▸ Directions for this task: Looking at the entries, say how many lines contain the string "Notation". Offer nothing besides the number.

Collected data entries:

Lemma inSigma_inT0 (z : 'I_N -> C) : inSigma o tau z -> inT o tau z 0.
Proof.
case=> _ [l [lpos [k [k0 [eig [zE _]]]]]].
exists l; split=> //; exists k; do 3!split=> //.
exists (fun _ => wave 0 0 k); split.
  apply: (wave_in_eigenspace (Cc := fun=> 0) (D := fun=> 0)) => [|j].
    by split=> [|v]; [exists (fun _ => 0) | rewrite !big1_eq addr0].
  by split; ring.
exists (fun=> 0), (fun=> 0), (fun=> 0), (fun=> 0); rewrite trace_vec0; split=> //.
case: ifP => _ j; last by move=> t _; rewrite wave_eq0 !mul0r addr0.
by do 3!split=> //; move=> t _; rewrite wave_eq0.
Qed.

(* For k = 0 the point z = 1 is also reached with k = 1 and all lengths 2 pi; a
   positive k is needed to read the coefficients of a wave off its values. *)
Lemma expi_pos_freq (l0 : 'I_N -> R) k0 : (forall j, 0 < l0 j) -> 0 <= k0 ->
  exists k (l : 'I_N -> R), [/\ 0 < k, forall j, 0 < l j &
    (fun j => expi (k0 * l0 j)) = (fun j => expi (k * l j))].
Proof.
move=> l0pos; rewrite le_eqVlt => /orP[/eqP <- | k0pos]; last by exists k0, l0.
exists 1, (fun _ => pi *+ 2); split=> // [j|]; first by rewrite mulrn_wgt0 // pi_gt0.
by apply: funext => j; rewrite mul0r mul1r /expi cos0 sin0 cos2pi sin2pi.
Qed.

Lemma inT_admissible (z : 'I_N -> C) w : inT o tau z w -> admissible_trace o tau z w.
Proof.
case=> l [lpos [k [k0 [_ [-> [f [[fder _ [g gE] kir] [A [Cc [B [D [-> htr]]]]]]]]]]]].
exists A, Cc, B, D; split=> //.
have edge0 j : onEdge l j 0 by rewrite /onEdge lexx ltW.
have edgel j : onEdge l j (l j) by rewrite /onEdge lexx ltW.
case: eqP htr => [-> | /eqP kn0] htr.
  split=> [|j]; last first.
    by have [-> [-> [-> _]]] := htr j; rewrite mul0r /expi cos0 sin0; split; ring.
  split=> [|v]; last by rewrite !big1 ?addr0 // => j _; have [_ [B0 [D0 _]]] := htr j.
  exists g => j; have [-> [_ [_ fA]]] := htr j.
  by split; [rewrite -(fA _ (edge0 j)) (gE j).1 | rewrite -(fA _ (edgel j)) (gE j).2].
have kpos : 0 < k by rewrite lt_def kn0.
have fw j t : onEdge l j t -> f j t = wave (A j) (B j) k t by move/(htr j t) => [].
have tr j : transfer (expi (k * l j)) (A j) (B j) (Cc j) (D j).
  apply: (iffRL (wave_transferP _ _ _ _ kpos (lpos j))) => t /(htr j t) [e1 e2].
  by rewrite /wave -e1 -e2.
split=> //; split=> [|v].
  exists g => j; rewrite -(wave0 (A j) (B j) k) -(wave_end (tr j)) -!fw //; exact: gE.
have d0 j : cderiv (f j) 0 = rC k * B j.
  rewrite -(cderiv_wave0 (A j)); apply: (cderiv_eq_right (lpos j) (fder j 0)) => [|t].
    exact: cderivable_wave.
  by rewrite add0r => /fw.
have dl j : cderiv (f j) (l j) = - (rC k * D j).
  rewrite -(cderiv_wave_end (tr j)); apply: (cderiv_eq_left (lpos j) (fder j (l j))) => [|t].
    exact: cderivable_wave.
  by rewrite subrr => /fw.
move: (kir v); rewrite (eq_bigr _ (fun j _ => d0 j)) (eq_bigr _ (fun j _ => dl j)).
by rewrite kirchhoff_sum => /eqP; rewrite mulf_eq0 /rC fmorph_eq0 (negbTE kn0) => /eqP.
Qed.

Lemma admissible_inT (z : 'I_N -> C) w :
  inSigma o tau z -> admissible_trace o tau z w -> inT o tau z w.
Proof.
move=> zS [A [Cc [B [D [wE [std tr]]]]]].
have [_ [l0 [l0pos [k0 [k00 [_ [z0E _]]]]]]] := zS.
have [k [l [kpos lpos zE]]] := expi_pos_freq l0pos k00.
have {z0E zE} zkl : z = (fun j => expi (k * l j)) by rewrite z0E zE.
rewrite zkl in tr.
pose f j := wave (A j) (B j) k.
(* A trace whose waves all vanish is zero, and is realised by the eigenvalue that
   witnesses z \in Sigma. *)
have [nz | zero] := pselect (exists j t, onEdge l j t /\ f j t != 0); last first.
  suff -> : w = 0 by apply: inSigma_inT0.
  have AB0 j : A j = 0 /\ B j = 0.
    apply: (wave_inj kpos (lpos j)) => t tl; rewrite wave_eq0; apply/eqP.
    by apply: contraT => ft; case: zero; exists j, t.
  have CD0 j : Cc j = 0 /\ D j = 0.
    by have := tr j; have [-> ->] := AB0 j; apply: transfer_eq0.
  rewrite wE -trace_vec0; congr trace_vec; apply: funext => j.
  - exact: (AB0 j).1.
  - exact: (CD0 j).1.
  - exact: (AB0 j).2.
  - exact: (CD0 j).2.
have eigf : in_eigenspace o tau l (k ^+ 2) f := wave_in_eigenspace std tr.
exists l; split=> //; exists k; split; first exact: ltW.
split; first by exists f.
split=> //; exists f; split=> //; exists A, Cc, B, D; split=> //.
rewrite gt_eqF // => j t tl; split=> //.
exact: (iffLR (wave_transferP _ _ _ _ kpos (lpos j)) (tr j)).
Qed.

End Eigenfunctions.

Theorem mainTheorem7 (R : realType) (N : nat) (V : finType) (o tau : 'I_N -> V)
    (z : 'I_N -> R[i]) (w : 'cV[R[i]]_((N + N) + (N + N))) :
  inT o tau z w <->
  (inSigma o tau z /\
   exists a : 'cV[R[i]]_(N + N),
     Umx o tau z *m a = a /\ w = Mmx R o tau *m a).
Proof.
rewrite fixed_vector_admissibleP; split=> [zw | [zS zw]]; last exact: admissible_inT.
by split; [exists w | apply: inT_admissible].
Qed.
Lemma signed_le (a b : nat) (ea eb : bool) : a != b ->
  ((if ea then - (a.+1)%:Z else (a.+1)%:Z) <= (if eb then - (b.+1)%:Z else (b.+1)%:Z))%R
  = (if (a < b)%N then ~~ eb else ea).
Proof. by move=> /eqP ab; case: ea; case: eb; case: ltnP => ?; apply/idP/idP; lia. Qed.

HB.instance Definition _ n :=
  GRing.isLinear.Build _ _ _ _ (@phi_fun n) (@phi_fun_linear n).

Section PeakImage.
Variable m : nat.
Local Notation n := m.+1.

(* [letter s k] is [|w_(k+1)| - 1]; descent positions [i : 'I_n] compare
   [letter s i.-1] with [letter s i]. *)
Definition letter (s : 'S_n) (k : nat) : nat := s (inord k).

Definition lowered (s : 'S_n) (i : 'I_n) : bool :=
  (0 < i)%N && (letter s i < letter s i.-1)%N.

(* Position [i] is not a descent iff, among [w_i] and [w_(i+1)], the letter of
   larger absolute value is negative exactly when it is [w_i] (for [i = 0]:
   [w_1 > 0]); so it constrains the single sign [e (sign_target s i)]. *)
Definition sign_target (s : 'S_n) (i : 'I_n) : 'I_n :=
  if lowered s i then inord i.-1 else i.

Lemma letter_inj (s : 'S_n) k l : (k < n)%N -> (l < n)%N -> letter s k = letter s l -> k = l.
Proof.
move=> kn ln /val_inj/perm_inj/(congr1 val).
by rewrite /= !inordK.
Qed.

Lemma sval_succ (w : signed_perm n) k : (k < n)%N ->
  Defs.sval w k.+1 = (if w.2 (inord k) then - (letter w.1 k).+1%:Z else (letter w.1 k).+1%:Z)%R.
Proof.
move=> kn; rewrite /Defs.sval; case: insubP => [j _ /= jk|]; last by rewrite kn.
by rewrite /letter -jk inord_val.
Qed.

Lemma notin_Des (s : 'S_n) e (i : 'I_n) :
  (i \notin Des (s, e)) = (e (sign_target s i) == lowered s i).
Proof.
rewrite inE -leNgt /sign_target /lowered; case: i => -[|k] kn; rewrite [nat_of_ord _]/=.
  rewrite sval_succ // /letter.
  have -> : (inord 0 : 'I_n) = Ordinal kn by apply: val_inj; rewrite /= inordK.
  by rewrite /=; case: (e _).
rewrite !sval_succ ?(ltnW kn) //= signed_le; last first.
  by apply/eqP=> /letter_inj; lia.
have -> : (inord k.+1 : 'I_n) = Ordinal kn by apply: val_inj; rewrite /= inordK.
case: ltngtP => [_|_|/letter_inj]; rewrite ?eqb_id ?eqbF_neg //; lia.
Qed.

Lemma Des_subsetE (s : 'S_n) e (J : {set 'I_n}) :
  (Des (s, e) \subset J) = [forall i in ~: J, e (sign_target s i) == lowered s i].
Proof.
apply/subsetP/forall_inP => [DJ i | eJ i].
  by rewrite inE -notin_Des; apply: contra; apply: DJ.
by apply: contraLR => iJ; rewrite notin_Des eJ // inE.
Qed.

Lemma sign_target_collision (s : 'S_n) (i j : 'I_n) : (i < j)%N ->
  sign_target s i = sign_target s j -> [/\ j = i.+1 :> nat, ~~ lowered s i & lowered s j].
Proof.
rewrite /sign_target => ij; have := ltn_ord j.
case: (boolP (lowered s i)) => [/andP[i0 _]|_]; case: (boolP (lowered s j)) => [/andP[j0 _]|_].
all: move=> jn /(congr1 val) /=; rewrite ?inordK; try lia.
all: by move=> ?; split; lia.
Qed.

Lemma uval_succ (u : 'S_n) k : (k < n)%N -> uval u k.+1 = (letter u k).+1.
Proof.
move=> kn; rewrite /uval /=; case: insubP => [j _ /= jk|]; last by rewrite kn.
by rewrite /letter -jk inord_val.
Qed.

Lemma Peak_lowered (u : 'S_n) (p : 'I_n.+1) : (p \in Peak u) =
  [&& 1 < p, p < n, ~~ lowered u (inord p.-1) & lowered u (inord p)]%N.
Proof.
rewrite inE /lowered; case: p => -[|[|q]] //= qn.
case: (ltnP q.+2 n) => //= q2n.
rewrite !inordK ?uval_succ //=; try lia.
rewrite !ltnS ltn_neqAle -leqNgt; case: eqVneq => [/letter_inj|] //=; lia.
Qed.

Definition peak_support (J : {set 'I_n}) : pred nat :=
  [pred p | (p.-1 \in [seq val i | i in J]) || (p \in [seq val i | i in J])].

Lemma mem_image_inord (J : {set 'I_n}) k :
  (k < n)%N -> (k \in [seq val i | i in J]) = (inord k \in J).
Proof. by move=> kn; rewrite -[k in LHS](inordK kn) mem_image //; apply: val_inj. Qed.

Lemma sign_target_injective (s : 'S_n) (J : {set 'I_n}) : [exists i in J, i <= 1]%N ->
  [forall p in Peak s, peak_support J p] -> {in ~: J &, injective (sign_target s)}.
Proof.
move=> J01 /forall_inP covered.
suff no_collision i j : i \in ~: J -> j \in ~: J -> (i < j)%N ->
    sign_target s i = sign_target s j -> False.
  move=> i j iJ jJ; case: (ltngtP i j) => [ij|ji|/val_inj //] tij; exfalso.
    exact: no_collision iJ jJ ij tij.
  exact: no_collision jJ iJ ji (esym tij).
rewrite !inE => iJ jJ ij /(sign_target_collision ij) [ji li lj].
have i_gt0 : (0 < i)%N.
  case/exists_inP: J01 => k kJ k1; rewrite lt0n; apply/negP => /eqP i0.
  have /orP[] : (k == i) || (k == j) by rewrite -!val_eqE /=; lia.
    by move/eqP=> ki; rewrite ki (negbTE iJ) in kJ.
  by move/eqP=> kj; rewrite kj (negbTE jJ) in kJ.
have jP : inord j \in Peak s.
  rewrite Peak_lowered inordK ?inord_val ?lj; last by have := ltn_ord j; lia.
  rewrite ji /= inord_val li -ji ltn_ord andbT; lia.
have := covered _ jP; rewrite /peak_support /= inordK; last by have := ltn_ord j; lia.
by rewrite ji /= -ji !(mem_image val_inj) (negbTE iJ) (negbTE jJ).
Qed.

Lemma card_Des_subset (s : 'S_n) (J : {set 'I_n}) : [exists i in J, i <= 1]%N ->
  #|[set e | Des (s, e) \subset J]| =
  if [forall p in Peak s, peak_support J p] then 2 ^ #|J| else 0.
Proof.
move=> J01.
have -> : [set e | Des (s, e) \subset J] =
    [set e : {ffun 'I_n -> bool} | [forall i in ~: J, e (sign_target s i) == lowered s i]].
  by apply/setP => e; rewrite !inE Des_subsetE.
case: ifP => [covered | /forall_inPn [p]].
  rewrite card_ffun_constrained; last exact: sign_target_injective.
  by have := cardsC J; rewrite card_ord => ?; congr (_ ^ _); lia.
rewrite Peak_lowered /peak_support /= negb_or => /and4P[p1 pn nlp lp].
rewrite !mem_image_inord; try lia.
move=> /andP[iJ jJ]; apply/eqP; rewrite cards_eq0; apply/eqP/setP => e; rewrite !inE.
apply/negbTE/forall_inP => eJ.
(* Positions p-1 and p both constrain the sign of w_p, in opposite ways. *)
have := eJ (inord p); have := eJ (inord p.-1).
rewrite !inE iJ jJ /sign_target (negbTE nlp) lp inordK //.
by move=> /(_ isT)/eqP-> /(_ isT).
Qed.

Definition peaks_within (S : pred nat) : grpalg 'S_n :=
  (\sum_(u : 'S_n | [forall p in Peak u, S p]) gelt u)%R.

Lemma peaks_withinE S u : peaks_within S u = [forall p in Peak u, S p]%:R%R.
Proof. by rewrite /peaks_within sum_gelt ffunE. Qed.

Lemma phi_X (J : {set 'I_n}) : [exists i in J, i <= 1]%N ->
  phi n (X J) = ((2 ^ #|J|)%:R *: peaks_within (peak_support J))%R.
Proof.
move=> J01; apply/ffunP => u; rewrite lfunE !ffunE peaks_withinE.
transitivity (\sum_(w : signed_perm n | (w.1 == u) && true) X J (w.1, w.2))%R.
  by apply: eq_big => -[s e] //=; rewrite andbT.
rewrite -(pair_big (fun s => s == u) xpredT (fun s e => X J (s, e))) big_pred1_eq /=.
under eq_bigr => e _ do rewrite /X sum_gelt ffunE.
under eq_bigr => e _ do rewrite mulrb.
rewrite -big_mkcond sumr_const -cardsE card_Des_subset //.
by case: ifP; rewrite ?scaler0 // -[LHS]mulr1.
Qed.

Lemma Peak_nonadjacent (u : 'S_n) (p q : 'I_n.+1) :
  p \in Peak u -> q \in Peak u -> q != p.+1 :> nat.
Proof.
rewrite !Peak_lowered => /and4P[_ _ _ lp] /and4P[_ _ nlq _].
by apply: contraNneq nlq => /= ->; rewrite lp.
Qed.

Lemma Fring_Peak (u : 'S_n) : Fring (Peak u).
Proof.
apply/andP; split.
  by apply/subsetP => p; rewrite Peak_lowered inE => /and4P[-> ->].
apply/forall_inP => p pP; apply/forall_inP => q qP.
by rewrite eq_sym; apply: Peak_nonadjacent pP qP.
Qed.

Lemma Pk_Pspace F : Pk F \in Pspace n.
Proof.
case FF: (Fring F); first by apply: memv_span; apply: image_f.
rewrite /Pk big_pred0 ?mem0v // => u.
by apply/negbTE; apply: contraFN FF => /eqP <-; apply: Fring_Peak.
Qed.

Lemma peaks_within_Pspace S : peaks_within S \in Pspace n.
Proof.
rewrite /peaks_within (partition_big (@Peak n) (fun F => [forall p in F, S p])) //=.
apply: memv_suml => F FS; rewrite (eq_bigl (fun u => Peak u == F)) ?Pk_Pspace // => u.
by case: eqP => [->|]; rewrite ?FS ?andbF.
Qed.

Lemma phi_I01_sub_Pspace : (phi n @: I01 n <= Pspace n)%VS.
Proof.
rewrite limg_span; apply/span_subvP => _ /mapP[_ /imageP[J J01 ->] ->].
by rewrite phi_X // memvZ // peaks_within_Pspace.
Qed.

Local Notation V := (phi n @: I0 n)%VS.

▸ Result of this task: 2